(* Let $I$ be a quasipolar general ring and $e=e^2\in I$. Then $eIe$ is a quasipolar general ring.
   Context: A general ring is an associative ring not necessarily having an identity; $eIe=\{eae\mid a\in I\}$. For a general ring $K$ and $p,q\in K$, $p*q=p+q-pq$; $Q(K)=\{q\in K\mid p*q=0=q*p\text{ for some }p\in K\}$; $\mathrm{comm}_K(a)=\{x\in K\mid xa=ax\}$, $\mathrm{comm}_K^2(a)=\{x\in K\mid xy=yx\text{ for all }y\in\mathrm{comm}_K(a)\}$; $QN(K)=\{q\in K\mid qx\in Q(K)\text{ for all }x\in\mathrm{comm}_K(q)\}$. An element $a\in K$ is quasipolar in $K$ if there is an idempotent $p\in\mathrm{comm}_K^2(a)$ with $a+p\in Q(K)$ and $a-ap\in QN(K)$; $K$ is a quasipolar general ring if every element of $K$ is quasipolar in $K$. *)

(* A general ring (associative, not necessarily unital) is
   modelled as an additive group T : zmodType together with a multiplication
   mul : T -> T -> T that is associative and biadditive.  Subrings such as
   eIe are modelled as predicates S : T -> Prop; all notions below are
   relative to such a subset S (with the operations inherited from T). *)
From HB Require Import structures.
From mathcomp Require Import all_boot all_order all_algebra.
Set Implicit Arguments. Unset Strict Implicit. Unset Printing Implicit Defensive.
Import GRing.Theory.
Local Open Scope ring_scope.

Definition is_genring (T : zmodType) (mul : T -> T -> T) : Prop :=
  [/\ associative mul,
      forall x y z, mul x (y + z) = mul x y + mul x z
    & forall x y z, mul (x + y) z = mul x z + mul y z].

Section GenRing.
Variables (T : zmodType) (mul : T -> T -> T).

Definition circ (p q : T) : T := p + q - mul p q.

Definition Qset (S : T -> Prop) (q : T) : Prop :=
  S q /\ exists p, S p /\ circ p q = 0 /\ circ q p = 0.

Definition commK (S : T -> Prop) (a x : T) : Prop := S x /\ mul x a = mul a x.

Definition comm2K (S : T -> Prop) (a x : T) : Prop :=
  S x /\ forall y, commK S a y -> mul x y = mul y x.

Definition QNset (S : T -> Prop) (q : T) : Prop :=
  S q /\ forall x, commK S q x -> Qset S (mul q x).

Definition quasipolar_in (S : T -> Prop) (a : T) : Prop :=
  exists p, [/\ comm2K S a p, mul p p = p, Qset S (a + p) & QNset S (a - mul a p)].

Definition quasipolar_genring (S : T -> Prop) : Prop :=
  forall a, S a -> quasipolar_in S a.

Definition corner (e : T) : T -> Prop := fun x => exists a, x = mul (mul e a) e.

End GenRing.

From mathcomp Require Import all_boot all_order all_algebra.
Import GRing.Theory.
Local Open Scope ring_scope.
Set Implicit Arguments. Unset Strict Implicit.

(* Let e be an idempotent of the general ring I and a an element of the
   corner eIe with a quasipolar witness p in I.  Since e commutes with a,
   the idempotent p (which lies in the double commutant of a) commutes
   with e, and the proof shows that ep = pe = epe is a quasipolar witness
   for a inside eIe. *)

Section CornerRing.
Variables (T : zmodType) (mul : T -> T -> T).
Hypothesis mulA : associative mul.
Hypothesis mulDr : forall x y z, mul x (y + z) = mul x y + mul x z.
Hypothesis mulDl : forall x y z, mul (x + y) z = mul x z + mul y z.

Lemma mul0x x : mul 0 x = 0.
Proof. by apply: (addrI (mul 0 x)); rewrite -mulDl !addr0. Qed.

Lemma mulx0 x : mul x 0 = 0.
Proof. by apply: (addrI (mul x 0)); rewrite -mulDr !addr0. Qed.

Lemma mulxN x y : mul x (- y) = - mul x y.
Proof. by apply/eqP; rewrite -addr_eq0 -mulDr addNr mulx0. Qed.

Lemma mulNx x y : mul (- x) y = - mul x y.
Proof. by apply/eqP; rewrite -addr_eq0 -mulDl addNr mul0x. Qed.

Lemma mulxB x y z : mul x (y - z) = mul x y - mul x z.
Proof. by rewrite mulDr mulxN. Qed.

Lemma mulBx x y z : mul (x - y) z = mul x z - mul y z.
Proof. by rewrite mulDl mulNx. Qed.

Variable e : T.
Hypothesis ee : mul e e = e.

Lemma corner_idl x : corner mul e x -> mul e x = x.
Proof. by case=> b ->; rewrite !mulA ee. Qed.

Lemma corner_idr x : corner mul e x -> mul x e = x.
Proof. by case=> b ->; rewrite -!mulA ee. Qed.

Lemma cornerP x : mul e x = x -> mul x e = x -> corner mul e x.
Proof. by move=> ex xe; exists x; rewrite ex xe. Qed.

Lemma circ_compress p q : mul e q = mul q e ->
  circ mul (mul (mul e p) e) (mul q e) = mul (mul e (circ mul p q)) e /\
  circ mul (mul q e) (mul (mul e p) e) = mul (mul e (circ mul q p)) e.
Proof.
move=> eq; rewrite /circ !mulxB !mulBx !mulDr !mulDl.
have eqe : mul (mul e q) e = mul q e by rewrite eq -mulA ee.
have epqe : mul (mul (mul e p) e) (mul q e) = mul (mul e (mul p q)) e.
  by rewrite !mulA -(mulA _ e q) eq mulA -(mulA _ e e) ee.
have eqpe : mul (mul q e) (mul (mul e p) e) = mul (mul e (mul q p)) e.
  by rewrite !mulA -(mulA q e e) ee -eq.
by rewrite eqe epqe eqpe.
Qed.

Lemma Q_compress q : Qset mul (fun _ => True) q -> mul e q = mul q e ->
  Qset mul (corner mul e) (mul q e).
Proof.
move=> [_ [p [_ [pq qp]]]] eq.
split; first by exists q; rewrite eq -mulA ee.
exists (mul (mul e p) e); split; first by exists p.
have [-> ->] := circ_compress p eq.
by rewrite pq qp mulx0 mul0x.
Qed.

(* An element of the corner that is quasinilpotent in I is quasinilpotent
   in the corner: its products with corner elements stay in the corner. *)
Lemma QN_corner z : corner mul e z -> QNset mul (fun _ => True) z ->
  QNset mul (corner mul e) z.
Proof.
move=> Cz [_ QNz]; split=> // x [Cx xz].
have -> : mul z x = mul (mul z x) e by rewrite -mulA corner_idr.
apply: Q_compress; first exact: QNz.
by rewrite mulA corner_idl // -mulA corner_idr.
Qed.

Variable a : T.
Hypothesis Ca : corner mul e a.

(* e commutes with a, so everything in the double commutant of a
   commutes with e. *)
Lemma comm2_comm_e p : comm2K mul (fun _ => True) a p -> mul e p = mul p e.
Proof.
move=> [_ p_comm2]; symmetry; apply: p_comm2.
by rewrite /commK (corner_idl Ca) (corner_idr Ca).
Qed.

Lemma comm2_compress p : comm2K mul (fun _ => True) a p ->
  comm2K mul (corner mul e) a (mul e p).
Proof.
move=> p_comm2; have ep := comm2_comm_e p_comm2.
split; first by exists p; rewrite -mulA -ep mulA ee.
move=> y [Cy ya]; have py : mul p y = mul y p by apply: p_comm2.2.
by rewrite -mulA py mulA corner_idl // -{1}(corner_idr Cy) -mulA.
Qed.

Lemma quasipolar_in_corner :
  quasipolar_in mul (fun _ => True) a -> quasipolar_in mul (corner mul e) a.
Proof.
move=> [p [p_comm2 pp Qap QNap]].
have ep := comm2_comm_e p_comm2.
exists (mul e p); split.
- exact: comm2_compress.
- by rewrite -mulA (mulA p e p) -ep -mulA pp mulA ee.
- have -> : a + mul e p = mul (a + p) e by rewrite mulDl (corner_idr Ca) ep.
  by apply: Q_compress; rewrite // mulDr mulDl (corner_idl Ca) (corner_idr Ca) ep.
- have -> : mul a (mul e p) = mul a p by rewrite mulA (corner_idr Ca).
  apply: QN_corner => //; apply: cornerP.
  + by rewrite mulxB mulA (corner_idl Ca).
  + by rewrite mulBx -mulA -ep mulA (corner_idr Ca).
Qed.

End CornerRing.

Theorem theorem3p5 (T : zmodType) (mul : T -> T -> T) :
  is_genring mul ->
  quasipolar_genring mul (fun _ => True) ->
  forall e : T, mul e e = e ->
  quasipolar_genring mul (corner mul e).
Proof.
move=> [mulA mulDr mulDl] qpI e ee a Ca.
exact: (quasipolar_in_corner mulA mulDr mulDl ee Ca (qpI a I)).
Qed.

================================

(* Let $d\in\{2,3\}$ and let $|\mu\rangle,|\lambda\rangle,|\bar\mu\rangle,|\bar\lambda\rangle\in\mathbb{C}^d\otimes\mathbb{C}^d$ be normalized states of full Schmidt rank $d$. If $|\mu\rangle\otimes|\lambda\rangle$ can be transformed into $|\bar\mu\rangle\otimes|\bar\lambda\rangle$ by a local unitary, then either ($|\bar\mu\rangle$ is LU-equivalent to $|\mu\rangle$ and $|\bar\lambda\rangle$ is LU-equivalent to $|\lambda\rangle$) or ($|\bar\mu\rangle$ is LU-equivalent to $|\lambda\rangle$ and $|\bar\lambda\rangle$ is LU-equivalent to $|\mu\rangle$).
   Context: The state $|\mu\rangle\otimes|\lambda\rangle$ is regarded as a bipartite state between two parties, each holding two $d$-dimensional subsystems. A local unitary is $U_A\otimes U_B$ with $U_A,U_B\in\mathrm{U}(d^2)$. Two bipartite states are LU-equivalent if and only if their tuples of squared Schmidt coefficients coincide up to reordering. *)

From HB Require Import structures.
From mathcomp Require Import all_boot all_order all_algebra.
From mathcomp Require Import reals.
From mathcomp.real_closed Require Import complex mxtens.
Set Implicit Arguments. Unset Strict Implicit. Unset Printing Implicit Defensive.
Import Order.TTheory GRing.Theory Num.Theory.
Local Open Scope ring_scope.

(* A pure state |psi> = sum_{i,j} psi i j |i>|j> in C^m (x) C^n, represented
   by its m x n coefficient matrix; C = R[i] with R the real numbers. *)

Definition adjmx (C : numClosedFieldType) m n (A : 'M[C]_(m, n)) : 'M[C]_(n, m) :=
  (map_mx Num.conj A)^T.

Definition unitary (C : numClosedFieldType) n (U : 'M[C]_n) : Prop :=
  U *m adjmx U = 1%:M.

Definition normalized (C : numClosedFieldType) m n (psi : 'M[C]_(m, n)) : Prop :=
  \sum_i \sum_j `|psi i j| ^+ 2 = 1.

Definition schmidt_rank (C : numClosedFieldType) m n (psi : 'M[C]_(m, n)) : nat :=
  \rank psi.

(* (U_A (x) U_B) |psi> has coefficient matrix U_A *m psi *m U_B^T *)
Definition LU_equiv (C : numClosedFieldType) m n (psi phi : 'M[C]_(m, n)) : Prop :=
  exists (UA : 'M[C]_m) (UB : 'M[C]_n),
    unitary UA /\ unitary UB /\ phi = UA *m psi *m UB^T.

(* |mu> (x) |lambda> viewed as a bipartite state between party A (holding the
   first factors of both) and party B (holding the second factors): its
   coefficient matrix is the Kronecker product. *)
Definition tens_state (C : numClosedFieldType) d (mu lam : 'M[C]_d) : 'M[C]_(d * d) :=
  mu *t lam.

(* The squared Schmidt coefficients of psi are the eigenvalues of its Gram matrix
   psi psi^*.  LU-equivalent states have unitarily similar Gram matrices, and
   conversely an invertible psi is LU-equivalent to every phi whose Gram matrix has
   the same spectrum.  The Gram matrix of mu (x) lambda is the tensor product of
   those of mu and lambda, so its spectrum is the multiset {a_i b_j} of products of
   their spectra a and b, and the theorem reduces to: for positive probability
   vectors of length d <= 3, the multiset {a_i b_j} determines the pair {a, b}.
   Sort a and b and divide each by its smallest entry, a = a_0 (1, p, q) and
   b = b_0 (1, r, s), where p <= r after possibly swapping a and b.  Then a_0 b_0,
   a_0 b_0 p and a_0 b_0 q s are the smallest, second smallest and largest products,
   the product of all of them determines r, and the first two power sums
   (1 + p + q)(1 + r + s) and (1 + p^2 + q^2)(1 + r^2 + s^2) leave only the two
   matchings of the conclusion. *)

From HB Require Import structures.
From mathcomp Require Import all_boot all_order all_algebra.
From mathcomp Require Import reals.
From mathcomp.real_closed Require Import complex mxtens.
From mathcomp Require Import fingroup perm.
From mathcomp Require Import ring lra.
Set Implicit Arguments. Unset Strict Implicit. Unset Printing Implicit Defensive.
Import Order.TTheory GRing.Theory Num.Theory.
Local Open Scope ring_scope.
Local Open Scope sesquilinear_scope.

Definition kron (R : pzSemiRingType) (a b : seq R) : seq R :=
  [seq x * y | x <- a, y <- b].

================================

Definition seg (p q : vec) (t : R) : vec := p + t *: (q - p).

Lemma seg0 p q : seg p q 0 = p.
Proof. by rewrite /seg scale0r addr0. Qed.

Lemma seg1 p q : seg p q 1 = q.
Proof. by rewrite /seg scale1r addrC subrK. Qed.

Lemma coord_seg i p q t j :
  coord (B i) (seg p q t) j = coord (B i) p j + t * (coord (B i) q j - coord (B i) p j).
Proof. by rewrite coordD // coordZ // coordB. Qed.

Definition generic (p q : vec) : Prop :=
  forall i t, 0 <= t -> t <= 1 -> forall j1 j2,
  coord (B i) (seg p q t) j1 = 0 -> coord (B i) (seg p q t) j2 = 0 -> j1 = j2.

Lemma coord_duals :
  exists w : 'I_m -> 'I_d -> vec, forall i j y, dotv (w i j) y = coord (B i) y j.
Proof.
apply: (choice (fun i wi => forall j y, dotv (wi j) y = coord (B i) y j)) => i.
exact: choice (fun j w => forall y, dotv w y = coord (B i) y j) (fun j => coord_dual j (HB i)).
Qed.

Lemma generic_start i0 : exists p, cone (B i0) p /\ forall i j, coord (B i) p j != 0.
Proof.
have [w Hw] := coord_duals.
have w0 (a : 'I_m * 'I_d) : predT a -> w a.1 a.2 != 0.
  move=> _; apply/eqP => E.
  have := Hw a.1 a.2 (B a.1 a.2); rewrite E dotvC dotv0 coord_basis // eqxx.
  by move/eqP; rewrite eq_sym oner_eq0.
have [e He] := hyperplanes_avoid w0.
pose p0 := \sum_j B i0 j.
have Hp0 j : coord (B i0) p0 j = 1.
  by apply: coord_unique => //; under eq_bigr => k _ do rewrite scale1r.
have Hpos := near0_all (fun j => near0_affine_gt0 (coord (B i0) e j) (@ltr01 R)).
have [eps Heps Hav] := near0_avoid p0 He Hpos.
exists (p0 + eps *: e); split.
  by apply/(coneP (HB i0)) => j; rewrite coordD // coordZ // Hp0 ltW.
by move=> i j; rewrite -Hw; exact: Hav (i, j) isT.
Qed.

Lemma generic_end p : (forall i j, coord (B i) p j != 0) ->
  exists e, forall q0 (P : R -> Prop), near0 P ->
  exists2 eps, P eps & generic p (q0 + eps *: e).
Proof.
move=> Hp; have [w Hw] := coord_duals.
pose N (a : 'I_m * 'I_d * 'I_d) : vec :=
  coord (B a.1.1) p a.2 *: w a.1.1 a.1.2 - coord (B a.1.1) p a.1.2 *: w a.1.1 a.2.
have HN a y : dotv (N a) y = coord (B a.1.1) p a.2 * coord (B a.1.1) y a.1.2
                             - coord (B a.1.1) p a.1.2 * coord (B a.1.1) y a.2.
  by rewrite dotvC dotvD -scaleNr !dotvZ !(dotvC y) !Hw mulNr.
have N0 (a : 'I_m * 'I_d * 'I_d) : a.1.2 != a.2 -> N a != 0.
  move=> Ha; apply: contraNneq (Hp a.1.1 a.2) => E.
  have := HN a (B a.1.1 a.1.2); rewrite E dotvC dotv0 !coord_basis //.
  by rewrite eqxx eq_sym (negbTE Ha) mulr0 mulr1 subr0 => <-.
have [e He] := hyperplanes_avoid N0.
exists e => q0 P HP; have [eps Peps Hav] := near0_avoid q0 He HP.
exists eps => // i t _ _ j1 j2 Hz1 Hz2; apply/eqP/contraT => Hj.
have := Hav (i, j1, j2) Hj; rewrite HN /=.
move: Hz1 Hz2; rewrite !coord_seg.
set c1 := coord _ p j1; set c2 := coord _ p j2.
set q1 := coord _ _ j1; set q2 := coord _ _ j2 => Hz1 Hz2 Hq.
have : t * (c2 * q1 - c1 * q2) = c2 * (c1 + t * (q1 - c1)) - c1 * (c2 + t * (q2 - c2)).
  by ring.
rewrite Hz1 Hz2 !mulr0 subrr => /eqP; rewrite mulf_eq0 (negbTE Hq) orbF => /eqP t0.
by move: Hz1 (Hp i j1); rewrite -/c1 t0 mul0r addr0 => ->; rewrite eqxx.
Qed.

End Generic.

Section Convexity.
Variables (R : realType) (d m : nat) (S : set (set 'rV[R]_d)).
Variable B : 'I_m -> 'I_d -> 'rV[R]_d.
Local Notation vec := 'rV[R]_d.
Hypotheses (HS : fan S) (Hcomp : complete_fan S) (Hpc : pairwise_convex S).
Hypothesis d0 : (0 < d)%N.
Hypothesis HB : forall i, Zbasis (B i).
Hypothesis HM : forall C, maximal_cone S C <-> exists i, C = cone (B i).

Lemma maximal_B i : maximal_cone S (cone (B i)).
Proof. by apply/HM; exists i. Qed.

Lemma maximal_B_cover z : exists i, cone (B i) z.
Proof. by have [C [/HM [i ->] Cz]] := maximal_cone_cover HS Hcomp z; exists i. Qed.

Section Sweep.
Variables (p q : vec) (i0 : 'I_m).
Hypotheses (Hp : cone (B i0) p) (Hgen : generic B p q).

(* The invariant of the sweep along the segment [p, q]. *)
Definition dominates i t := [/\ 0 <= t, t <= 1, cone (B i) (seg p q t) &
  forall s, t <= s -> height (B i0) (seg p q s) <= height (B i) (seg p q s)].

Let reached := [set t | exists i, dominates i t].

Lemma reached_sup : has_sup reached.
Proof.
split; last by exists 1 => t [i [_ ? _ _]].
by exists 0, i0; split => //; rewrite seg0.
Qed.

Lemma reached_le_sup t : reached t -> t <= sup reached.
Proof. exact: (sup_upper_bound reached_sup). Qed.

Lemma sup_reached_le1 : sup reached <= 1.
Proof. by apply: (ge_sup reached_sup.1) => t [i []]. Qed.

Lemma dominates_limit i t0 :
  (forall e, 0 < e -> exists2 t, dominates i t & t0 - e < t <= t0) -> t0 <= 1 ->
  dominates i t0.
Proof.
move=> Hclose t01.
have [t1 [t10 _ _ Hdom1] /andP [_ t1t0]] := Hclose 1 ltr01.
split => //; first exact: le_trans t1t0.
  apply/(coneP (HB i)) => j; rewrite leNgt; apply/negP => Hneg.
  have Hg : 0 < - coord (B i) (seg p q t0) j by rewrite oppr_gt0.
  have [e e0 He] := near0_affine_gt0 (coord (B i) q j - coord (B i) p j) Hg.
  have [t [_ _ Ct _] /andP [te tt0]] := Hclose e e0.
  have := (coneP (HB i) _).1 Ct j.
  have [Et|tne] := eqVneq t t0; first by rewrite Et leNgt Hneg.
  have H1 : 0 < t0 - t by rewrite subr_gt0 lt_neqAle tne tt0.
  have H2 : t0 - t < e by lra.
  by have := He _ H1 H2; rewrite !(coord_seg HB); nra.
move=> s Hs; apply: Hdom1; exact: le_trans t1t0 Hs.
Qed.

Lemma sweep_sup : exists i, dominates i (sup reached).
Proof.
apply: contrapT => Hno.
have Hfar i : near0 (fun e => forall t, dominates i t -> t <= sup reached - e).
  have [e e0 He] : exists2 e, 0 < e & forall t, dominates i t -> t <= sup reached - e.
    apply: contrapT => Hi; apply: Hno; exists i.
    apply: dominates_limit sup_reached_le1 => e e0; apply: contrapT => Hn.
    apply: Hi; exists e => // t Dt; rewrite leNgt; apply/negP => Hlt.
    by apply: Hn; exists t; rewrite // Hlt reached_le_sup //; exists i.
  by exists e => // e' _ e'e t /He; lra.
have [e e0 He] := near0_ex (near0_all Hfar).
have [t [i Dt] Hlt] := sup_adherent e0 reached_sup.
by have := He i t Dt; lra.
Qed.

================================

**Exercise brief**
Only one part of the material above is to be transcribed, namely the lines starting with the line that has "Lemma corner_idr x" and going on through the line that has "(* An element", exactly as they stand.

**Written solution**
Lemma corner_idr x : corner mul e x -> mul x e = x.
Proof. by case=> b ->; rewrite -!mulA ee. Qed.

Lemma cornerP x : mul e x = x -> mul x e = x -> corner mul e x.
Proof. by move=> ex xe; exists x; rewrite ex xe. Qed.

Lemma circ_compress p q : mul e q = mul q e ->
  circ mul (mul (mul e p) e) (mul q e) = mul (mul e (circ mul p q)) e /\
  circ mul (mul q e) (mul (mul e p) e) = mul (mul e (circ mul q p)) e.
Proof.
move=> eq; rewrite /circ !mulxB !mulBx !mulDr !mulDl.
have eqe : mul (mul e q) e = mul q e by rewrite eq -mulA ee.
have epqe : mul (mul (mul e p) e) (mul q e) = mul (mul e (mul p q)) e.
  by rewrite !mulA -(mulA _ e q) eq mulA -(mulA _ e e) ee.
have eqpe : mul (mul q e) (mul (mul e p) e) = mul (mul e (mul q p)) e.
  by rewrite !mulA -(mulA q e e) ee -eq.
by rewrite eqe epqe eqpe.
Qed.

Lemma Q_compress q : Qset mul (fun _ => True) q -> mul e q = mul q e ->
  Qset mul (corner mul e) (mul q e).
Proof.
move=> [_ [p [_ [pq qp]]]] eq.
split; first by exists q; rewrite eq -mulA ee.
exists (mul (mul e p) e); split; first by exists p.
have [-> ->] := circ_compress p eq.
by rewrite pq qp mulx0 mul0x.
Qed.

(* An element of the corner that is quasinilpotent in I is quasinilpotent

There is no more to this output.